Your task | Tell me, please, how many lines in the records below include the word "congr". Give no more than the number.

Records for this exercise |
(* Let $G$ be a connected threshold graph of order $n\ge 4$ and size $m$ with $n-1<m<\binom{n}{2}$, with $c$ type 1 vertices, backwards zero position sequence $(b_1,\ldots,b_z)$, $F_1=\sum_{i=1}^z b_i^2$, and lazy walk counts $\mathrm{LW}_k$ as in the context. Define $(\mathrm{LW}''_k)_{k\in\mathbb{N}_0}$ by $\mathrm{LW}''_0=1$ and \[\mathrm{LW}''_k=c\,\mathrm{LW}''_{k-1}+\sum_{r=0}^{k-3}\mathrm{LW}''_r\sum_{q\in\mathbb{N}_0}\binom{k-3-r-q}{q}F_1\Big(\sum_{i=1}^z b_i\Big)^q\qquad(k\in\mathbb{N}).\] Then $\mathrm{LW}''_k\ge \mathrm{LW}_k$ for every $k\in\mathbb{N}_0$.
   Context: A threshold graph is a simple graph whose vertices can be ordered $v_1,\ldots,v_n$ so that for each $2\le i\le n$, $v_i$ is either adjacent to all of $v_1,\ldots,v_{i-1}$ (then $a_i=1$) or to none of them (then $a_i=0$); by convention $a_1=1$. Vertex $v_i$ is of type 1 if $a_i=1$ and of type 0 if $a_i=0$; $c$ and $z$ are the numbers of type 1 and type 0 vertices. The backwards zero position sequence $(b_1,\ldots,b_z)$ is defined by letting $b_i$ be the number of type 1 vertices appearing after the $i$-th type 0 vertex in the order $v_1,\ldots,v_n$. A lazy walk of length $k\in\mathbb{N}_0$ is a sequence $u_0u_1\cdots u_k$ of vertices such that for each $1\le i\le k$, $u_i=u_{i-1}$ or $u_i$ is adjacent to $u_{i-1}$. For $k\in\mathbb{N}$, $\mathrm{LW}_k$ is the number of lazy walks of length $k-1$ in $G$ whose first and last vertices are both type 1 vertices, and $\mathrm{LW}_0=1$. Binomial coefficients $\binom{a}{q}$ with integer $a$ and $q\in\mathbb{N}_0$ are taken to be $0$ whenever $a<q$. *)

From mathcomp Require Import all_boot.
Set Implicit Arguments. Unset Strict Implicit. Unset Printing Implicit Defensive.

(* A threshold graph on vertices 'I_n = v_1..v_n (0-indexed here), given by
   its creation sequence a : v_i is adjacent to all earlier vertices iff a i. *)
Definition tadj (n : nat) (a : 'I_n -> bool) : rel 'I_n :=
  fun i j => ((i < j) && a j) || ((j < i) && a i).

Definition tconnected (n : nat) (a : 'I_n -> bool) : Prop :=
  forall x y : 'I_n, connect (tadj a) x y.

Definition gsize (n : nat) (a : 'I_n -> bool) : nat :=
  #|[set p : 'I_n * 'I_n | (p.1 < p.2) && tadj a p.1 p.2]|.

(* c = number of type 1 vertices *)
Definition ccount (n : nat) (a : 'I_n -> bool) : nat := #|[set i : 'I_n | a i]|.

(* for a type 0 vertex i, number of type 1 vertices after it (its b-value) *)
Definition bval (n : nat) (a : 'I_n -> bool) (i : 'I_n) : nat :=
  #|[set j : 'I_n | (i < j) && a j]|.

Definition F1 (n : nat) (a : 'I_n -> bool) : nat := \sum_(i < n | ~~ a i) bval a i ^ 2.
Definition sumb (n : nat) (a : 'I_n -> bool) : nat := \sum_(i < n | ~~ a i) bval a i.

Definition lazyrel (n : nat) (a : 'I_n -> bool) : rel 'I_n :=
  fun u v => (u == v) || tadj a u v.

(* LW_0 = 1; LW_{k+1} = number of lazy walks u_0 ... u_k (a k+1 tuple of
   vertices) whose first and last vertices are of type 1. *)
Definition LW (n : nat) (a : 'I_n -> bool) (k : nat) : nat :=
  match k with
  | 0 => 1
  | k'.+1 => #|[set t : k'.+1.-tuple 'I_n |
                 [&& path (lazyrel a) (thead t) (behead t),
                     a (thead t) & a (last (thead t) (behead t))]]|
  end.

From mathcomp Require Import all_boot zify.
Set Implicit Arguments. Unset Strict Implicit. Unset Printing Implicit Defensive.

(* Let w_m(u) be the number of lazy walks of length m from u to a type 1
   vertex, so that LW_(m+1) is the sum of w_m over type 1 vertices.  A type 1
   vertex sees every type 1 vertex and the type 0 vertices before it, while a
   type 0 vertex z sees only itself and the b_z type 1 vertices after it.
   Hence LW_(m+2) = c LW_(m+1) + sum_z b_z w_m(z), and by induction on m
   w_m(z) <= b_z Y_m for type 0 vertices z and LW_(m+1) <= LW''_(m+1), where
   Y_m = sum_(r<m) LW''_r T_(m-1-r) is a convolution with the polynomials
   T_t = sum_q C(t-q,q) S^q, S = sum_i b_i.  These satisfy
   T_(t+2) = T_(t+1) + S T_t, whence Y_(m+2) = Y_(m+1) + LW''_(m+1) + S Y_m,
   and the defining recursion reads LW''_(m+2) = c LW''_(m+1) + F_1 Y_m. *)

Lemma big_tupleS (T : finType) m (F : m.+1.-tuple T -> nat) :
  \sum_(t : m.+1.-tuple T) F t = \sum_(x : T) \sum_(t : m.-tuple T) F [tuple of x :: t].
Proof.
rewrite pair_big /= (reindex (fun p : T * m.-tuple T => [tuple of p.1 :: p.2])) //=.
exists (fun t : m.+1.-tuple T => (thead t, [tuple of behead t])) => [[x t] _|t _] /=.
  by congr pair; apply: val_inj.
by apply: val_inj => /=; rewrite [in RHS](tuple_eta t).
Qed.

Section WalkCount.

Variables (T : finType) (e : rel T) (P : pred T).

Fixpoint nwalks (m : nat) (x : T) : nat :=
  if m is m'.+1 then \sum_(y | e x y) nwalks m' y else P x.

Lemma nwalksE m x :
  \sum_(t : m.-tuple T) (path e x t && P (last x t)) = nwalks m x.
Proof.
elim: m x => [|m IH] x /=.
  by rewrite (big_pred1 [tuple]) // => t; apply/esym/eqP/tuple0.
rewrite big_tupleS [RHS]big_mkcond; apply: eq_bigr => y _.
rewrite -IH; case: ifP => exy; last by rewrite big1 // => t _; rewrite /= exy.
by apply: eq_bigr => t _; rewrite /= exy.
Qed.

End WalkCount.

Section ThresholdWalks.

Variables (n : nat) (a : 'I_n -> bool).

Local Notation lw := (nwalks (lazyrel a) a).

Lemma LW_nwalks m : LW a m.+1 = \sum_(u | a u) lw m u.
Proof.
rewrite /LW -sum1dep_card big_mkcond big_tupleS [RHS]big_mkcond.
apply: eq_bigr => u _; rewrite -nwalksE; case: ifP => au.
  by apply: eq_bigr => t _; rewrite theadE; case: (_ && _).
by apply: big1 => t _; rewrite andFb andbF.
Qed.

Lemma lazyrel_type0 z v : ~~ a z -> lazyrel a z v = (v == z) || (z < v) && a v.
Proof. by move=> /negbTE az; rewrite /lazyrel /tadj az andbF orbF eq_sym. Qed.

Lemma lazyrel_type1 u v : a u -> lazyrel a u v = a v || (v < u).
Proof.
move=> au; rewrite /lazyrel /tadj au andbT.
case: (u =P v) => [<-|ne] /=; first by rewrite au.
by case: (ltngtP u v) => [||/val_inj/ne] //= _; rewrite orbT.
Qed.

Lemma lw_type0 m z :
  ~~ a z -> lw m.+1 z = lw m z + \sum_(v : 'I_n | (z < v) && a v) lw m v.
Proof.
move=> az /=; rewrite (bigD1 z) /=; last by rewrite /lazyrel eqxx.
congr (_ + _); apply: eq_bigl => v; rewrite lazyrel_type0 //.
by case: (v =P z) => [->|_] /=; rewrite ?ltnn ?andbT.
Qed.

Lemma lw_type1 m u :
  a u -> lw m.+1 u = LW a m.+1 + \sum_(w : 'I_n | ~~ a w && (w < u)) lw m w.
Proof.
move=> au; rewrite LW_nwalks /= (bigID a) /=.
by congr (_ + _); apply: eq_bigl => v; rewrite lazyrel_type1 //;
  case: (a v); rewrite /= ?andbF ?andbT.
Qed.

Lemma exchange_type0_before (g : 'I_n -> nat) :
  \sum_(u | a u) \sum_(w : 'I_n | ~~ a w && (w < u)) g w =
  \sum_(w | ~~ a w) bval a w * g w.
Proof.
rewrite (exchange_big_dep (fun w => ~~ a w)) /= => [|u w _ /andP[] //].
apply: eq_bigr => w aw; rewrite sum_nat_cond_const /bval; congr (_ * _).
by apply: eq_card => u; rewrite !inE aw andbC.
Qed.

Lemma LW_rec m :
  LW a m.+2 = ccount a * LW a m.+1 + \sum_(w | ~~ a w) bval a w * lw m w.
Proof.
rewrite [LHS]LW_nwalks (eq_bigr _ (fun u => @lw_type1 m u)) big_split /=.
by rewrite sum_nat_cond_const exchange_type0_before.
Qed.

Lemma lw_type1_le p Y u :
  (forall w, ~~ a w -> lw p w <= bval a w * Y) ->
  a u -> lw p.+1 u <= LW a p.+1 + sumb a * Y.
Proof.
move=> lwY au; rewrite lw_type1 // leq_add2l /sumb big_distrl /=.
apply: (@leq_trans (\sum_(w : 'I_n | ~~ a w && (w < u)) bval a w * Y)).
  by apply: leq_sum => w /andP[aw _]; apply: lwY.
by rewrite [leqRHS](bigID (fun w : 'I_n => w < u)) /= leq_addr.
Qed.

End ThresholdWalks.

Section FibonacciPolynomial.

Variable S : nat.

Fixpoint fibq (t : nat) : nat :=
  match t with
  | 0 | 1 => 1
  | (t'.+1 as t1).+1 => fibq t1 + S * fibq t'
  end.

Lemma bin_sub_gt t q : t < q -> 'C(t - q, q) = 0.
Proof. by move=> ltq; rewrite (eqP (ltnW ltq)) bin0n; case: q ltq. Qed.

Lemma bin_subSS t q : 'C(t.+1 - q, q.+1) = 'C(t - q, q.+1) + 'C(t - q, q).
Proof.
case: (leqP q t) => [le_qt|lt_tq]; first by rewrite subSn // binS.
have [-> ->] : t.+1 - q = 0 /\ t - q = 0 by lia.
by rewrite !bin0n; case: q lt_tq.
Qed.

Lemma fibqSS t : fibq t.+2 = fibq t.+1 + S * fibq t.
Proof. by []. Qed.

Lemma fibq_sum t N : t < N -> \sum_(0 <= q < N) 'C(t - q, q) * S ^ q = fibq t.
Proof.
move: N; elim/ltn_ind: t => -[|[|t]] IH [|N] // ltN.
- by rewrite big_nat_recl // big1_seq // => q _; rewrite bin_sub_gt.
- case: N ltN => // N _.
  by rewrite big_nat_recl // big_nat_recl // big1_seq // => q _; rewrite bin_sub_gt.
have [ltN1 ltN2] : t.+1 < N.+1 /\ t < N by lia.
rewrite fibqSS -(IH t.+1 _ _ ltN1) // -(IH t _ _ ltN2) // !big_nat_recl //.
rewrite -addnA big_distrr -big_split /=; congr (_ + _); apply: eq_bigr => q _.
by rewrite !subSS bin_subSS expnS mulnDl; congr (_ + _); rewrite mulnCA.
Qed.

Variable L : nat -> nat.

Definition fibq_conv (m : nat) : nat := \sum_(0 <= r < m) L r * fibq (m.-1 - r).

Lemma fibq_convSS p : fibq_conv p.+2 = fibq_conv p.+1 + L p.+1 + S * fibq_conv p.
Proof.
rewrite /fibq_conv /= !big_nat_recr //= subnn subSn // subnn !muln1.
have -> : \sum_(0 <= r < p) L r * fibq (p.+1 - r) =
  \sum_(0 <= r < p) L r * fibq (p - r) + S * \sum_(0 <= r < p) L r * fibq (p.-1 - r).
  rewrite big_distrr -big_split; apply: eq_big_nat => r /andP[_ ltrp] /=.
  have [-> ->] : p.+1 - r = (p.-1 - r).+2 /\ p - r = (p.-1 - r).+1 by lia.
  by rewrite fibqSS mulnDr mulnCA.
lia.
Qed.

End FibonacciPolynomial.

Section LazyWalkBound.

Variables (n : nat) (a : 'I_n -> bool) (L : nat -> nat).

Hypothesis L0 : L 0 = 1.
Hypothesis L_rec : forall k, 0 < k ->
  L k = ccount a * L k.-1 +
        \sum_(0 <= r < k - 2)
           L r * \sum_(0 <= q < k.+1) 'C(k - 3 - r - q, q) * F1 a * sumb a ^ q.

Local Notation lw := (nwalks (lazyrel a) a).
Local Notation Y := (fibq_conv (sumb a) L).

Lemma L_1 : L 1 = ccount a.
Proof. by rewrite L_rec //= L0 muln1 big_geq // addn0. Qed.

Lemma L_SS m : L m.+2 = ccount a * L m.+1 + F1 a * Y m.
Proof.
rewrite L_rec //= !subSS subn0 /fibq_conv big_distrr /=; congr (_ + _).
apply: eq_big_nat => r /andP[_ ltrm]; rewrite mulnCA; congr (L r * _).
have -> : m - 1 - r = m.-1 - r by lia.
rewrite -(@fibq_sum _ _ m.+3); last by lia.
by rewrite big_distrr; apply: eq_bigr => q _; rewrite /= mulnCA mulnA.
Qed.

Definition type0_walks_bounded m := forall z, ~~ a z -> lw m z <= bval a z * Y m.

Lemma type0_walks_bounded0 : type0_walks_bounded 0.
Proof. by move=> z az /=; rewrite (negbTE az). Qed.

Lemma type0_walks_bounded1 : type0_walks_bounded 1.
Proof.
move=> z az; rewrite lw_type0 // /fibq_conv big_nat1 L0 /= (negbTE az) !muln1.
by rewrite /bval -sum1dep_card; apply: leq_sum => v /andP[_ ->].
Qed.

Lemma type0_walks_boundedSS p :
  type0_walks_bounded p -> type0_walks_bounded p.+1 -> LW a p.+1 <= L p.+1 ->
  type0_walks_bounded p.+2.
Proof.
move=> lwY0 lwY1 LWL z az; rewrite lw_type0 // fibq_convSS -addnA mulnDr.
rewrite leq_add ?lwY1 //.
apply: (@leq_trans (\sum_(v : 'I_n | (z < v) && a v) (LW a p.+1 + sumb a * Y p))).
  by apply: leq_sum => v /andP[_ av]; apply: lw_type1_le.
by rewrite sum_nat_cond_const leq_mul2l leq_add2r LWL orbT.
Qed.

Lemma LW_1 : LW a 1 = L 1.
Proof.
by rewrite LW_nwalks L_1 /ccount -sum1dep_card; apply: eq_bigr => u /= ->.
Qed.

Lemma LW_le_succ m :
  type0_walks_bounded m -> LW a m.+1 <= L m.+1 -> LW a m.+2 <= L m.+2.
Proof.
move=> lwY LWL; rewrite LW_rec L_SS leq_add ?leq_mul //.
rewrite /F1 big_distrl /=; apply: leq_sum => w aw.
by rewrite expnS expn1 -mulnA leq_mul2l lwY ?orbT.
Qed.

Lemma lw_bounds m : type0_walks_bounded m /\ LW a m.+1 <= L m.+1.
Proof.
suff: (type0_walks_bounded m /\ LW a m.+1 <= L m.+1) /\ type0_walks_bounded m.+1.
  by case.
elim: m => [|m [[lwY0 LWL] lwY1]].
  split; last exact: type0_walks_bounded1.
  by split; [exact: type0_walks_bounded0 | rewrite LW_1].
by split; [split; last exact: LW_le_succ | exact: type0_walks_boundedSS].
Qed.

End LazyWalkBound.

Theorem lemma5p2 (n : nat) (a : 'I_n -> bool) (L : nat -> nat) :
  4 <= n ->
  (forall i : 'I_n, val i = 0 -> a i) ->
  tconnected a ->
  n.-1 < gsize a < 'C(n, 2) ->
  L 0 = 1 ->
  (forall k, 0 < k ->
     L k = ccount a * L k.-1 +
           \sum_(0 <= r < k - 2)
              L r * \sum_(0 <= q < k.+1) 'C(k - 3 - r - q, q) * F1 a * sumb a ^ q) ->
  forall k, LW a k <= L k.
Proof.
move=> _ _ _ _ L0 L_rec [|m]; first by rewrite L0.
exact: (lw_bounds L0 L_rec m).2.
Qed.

Answer to this exercise | 8